→ Supplied data
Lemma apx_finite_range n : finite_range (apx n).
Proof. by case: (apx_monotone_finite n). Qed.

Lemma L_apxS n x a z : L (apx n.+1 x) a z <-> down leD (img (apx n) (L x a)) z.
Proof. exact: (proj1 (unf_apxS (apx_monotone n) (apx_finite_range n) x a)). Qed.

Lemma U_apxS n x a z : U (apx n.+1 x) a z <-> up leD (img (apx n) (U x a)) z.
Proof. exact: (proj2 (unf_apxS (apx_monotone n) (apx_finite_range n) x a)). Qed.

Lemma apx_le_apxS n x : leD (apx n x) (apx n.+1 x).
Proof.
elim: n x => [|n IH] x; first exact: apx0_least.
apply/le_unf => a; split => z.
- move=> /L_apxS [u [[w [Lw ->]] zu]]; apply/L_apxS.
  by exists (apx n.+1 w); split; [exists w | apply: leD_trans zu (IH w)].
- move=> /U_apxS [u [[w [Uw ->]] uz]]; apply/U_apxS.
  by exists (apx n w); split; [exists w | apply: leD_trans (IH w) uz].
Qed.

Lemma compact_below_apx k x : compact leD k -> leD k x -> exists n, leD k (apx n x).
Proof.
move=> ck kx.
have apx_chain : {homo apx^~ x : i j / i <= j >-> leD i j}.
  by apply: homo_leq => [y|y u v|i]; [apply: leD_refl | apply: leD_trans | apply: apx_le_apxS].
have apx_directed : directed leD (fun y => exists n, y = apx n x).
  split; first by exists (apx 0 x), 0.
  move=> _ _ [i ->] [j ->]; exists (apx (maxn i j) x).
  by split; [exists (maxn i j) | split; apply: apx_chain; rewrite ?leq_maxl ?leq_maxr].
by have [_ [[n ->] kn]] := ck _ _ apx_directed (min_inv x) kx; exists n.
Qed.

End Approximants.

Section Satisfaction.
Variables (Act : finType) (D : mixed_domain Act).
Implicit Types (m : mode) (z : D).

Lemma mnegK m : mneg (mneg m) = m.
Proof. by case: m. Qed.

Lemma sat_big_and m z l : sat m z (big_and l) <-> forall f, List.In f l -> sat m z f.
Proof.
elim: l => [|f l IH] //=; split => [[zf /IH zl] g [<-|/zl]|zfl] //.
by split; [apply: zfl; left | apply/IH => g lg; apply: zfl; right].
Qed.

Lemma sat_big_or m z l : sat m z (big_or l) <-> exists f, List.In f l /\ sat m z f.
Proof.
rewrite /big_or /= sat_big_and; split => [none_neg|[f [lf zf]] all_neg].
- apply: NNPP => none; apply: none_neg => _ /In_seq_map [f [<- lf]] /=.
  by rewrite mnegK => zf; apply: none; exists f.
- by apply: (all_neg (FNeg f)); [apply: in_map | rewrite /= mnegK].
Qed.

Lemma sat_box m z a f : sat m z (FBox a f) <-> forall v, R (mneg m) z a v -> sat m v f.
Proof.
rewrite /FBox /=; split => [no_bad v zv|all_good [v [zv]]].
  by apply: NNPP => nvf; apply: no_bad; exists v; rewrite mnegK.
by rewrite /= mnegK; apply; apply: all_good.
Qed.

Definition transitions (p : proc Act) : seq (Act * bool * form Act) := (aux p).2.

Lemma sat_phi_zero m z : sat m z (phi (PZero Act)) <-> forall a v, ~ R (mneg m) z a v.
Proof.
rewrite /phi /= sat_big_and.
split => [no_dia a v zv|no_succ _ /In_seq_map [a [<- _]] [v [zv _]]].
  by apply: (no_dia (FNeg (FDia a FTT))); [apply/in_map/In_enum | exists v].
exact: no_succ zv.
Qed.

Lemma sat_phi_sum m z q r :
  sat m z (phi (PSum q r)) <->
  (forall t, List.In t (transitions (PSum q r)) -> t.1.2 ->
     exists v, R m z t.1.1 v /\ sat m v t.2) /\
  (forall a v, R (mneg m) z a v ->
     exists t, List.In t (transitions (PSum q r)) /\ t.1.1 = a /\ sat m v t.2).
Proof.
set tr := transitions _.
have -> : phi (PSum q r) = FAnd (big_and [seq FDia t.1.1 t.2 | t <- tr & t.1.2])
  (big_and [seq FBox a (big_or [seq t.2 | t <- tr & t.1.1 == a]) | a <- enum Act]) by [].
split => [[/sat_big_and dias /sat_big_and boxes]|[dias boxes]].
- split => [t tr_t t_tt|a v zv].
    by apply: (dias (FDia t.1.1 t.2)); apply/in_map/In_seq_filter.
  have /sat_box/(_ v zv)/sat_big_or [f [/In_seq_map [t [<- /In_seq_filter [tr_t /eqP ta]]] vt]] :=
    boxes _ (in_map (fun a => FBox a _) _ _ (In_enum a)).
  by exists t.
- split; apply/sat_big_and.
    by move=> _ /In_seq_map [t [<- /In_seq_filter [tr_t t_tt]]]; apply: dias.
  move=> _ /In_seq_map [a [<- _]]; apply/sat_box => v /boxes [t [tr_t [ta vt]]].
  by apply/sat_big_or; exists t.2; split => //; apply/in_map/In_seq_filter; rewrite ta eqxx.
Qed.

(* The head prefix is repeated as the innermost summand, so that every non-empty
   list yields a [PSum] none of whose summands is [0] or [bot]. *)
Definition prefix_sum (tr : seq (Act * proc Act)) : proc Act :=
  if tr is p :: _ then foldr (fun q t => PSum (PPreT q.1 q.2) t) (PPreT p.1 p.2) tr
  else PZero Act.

* * *

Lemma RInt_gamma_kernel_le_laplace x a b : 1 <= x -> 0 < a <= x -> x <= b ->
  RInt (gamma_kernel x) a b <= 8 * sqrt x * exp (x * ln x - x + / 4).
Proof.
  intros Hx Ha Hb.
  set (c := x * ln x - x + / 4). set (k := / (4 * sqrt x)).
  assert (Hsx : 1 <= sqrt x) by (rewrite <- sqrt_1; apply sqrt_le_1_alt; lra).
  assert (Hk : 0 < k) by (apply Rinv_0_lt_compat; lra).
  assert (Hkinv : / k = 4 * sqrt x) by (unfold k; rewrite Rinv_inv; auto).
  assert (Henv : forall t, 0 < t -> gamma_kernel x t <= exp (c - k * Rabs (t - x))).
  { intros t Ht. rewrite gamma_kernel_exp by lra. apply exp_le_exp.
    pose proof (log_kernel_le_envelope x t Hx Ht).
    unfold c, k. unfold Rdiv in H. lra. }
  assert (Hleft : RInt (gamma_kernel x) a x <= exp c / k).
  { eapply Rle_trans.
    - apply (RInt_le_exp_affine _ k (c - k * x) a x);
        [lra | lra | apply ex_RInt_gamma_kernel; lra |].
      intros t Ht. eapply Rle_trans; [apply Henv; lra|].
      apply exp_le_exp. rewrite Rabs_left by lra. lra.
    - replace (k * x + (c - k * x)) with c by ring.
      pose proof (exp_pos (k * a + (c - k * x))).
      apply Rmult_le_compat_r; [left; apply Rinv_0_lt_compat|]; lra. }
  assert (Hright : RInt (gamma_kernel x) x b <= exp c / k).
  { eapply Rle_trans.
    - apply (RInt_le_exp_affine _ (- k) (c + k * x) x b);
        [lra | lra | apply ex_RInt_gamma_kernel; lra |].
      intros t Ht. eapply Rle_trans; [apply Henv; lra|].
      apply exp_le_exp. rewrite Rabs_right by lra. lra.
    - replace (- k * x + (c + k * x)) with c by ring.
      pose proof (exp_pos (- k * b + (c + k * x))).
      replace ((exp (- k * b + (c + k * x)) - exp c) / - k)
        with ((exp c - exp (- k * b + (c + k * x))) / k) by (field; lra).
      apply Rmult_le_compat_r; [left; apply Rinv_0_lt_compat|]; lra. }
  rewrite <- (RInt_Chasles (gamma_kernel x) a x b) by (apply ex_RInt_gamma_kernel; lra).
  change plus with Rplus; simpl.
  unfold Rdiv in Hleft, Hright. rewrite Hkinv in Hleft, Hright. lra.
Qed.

→ Task description
Which lines in the data above hold the string "Rdiv"? Show each one.

→ Solution to this task
    unfold c, k. unfold Rdiv in H. lra. }
  unfold Rdiv in Hleft, Hright. rewrite Hkinv in Hleft, Hright. lra.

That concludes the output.